Task objective
Reproduce exactly the lines from the top of the records below through the line holding "have bound c".

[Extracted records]
Content starts
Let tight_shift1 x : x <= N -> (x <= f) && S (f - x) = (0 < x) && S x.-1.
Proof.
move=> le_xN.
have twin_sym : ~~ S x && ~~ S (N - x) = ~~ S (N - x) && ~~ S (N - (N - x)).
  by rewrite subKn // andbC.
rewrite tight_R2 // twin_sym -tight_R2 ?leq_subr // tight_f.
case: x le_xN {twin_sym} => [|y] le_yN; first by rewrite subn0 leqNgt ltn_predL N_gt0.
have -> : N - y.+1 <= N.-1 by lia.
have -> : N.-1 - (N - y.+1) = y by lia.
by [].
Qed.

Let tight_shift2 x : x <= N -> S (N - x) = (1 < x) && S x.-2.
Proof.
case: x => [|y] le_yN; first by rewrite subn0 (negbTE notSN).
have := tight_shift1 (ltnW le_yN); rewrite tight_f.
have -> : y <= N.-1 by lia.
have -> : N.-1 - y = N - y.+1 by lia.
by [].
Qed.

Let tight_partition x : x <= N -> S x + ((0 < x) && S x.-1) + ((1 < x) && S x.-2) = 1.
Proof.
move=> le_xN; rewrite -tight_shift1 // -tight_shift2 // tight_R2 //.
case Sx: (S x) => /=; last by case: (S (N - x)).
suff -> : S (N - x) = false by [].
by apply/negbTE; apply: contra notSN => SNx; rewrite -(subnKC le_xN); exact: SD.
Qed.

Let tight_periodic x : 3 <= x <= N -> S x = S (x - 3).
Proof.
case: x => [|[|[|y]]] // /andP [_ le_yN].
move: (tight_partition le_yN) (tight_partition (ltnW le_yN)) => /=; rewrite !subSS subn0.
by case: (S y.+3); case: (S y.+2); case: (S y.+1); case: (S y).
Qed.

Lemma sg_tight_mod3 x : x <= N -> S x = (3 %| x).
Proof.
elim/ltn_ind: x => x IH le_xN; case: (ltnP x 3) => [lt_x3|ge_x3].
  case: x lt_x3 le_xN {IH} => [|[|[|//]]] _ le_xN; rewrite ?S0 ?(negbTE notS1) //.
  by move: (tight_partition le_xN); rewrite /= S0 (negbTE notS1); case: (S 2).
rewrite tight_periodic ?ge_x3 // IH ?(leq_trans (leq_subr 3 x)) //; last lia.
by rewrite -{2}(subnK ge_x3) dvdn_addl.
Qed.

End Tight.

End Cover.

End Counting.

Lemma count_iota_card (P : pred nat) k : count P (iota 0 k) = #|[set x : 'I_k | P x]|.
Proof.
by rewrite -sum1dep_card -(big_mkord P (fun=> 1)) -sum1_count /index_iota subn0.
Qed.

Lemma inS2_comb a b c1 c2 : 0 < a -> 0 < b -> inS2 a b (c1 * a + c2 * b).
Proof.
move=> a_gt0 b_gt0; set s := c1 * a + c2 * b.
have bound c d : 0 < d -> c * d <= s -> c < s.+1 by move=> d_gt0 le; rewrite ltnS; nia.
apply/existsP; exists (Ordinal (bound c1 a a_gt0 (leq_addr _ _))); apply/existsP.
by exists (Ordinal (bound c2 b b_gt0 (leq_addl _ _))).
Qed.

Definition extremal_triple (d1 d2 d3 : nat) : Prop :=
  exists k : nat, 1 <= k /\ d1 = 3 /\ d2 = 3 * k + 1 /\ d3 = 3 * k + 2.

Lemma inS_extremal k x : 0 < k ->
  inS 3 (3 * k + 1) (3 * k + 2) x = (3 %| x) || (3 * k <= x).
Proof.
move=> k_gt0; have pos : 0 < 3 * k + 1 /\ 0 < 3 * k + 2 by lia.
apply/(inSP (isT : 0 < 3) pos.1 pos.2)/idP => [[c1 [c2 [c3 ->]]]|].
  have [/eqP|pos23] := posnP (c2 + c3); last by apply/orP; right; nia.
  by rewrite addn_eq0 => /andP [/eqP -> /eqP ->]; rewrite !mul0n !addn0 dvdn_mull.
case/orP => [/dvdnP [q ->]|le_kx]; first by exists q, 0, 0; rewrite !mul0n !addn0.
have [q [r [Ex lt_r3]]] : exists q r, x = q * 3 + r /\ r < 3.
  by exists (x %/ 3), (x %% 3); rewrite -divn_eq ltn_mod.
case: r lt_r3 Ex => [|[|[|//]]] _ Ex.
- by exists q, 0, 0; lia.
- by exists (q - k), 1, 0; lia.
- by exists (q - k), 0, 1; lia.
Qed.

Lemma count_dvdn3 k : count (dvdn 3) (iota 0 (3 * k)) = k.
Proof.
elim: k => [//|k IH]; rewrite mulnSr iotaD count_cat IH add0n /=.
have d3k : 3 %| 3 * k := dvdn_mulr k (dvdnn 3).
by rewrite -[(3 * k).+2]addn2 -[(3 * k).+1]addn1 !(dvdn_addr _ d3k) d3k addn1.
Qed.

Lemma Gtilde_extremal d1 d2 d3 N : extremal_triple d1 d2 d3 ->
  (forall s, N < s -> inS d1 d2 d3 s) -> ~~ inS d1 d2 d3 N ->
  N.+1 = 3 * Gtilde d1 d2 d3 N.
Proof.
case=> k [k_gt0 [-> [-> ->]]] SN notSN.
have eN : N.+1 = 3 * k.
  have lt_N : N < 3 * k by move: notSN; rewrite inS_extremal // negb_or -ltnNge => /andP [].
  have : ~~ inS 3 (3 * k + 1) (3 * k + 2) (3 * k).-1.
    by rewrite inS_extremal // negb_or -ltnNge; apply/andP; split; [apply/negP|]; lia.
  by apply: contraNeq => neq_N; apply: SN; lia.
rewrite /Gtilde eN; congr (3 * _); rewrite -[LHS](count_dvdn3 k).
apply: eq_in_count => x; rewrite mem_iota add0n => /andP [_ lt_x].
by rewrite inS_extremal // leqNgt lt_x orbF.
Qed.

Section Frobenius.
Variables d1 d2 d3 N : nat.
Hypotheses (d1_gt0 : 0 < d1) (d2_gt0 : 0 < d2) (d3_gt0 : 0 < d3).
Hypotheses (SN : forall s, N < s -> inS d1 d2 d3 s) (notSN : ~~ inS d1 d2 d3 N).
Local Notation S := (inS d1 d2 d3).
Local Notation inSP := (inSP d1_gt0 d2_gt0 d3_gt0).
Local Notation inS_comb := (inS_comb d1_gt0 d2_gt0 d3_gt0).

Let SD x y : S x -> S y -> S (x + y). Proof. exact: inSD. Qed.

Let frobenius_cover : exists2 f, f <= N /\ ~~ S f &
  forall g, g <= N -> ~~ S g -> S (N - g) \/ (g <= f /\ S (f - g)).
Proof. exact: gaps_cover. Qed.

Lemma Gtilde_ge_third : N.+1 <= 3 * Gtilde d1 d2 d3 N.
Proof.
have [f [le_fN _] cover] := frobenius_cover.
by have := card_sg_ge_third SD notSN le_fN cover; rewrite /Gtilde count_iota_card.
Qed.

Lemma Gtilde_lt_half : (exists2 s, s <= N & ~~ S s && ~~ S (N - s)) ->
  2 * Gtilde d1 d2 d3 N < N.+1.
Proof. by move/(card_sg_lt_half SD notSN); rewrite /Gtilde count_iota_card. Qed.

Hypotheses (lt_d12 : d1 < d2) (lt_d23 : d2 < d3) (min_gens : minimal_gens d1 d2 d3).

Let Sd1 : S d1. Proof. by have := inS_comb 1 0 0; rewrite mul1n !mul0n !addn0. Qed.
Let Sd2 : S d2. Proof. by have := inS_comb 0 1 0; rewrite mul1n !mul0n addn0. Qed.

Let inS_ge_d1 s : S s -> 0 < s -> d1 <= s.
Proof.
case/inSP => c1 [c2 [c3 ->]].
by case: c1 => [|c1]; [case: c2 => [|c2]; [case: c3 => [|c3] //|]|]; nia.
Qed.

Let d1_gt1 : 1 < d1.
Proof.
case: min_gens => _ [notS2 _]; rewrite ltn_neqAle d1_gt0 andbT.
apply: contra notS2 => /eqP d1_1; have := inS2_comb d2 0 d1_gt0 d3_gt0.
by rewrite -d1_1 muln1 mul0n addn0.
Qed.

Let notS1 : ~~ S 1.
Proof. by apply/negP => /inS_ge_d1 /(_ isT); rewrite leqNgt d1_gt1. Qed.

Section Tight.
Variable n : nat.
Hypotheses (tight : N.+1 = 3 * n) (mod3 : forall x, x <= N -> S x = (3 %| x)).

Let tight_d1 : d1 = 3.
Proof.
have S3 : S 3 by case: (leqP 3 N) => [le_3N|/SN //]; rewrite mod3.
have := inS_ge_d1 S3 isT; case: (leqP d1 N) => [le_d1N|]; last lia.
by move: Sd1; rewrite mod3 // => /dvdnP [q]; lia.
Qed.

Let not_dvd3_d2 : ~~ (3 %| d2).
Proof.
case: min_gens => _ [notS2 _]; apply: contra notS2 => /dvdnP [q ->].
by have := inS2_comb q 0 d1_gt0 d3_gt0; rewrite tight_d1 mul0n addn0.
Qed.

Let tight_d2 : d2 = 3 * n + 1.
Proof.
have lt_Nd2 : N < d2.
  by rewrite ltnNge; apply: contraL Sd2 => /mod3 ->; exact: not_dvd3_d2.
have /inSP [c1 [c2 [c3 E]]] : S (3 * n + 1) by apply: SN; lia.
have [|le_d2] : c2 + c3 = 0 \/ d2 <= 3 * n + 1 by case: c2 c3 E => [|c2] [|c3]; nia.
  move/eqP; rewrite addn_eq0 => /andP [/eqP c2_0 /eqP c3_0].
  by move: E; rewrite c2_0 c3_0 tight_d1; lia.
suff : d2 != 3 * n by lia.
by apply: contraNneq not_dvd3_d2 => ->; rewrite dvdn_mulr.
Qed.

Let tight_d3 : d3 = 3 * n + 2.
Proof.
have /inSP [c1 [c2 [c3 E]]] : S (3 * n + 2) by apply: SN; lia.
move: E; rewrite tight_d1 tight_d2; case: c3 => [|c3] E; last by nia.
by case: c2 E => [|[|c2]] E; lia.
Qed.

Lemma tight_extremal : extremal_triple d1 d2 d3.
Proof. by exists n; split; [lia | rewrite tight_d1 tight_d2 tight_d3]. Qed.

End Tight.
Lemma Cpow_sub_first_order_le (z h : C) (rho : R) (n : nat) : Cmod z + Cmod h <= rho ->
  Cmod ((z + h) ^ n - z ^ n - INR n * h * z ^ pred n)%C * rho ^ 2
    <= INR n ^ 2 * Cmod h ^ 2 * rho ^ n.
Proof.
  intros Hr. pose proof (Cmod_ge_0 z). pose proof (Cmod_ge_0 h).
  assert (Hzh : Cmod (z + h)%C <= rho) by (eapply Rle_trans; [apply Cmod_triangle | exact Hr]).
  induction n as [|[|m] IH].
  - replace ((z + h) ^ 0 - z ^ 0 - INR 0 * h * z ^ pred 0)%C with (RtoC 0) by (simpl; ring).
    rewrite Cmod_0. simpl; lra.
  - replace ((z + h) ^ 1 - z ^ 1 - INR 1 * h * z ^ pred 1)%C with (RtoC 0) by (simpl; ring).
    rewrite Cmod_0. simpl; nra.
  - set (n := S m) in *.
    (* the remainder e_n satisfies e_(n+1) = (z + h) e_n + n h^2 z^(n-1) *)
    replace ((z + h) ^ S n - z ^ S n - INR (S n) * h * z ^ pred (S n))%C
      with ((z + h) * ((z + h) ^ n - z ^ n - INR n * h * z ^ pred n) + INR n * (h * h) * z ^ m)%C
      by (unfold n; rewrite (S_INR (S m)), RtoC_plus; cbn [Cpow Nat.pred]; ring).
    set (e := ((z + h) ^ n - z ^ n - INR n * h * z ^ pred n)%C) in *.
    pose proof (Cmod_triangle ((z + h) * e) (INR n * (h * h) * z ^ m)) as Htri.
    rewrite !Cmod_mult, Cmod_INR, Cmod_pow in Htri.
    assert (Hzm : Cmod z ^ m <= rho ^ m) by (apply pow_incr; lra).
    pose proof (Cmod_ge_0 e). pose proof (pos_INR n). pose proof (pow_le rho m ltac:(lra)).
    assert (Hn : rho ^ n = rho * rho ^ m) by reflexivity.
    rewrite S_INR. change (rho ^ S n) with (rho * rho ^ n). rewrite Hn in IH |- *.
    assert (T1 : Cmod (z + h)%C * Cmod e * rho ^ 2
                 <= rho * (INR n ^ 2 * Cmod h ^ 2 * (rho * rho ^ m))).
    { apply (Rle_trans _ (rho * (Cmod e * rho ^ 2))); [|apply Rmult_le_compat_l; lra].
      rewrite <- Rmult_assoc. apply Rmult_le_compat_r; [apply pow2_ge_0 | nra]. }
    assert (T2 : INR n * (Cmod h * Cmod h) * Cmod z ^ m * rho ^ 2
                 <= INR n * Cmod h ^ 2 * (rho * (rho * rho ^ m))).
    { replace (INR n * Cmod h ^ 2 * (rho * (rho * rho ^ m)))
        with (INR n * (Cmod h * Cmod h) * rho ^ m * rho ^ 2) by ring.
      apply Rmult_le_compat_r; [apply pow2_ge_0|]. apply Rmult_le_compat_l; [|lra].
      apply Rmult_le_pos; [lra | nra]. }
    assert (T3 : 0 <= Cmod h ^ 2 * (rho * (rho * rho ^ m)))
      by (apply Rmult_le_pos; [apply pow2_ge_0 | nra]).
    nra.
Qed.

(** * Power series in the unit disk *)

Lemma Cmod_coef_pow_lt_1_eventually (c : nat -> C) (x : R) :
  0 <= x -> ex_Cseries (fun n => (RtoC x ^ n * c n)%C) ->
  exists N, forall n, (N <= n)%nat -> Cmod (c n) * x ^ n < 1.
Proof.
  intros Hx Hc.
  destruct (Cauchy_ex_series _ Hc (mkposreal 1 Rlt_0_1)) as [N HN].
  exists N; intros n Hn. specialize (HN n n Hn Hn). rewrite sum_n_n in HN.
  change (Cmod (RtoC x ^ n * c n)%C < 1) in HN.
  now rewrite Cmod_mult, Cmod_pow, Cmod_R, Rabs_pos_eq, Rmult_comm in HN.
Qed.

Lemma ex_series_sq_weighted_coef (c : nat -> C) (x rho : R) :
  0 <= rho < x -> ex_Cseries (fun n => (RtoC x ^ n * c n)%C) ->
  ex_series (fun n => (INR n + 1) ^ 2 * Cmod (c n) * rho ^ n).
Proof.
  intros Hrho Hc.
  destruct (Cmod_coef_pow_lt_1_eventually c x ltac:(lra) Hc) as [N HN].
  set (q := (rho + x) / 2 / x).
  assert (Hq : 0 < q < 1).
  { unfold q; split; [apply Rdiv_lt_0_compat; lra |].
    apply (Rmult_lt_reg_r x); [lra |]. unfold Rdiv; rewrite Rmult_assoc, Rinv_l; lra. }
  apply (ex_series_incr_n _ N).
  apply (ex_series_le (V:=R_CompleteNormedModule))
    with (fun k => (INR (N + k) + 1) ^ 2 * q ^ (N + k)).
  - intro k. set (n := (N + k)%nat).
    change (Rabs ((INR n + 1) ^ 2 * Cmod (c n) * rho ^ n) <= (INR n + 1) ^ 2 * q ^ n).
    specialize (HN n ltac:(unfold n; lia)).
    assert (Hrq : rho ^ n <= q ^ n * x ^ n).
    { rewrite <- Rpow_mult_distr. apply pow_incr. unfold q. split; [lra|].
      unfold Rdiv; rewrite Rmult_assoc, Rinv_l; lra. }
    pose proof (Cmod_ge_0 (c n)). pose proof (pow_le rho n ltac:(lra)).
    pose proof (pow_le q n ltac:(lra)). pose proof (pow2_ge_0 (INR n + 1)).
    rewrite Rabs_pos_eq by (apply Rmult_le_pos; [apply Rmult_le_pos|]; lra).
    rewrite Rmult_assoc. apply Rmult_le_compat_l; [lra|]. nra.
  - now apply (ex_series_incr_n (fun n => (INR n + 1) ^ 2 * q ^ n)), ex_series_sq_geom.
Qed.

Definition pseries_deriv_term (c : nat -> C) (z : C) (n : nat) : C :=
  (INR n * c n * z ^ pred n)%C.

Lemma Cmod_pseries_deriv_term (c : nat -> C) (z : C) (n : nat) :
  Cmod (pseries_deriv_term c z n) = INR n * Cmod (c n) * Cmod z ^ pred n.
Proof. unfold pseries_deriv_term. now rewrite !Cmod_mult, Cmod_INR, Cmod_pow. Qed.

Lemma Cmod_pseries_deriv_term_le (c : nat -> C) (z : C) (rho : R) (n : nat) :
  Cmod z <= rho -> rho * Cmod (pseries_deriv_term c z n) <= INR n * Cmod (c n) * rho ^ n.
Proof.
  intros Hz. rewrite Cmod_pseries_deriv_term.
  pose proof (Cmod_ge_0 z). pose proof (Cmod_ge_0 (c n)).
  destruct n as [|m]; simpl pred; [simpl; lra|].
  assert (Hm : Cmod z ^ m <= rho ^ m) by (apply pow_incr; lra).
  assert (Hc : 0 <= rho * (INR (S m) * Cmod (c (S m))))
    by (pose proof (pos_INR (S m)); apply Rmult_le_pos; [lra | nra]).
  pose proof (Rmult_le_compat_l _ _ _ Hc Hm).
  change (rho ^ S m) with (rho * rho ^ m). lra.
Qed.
Content ends
Solution to the problem
Let tight_shift1 x : x <= N -> (x <= f) && S (f - x) = (0 < x) && S x.-1.
Proof.
move=> le_xN.
have twin_sym : ~~ S x && ~~ S (N - x) = ~~ S (N - x) && ~~ S (N - (N - x)).
  by rewrite subKn // andbC.
rewrite tight_R2 // twin_sym -tight_R2 ?leq_subr // tight_f.
case: x le_xN {twin_sym} => [|y] le_yN; first by rewrite subn0 leqNgt ltn_predL N_gt0.
have -> : N - y.+1 <= N.-1 by lia.
have -> : N.-1 - (N - y.+1) = y by lia.
by [].
Qed.

Let tight_shift2 x : x <= N -> S (N - x) = (1 < x) && S x.-2.
Proof.
case: x => [|y] le_yN; first by rewrite subn0 (negbTE notSN).
have := tight_shift1 (ltnW le_yN); rewrite tight_f.
have -> : y <= N.-1 by lia.
have -> : N.-1 - y = N - y.+1 by lia.
by [].
Qed.

Let tight_partition x : x <= N -> S x + ((0 < x) && S x.-1) + ((1 < x) && S x.-2) = 1.
Proof.
move=> le_xN; rewrite -tight_shift1 // -tight_shift2 // tight_R2 //.
case Sx: (S x) => /=; last by case: (S (N - x)).
suff -> : S (N - x) = false by [].
by apply/negbTE; apply: contra notSN => SNx; rewrite -(subnKC le_xN); exact: SD.
Qed.

Let tight_periodic x : 3 <= x <= N -> S x = S (x - 3).
Proof.
case: x => [|[|[|y]]] // /andP [_ le_yN].
move: (tight_partition le_yN) (tight_partition (ltnW le_yN)) => /=; rewrite !subSS subn0.
by case: (S y.+3); case: (S y.+2); case: (S y.+1); case: (S y).
Qed.

Lemma sg_tight_mod3 x : x <= N -> S x = (3 %| x).
Proof.
elim/ltn_ind: x => x IH le_xN; case: (ltnP x 3) => [lt_x3|ge_x3].
  case: x lt_x3 le_xN {IH} => [|[|[|//]]] _ le_xN; rewrite ?S0 ?(negbTE notS1) //.
  by move: (tight_partition le_xN); rewrite /= S0 (negbTE notS1); case: (S 2).
rewrite tight_periodic ?ge_x3 // IH ?(leq_trans (leq_subr 3 x)) //; last lia.
by rewrite -{2}(subnK ge_x3) dvdn_addl.
Qed.

End Tight.

End Cover.

End Counting.

Lemma count_iota_card (P : pred nat) k : count P (iota 0 k) = #|[set x : 'I_k | P x]|.
Proof.
by rewrite -sum1dep_card -(big_mkord P (fun=> 1)) -sum1_count /index_iota subn0.
Qed.

Lemma inS2_comb a b c1 c2 : 0 < a -> 0 < b -> inS2 a b (c1 * a + c2 * b).
Proof.
move=> a_gt0 b_gt0; set s := c1 * a + c2 * b.
have bound c d : 0 < d -> c * d <= s -> c < s.+1 by move=> d_gt0 le; rewrite ltnS; nia.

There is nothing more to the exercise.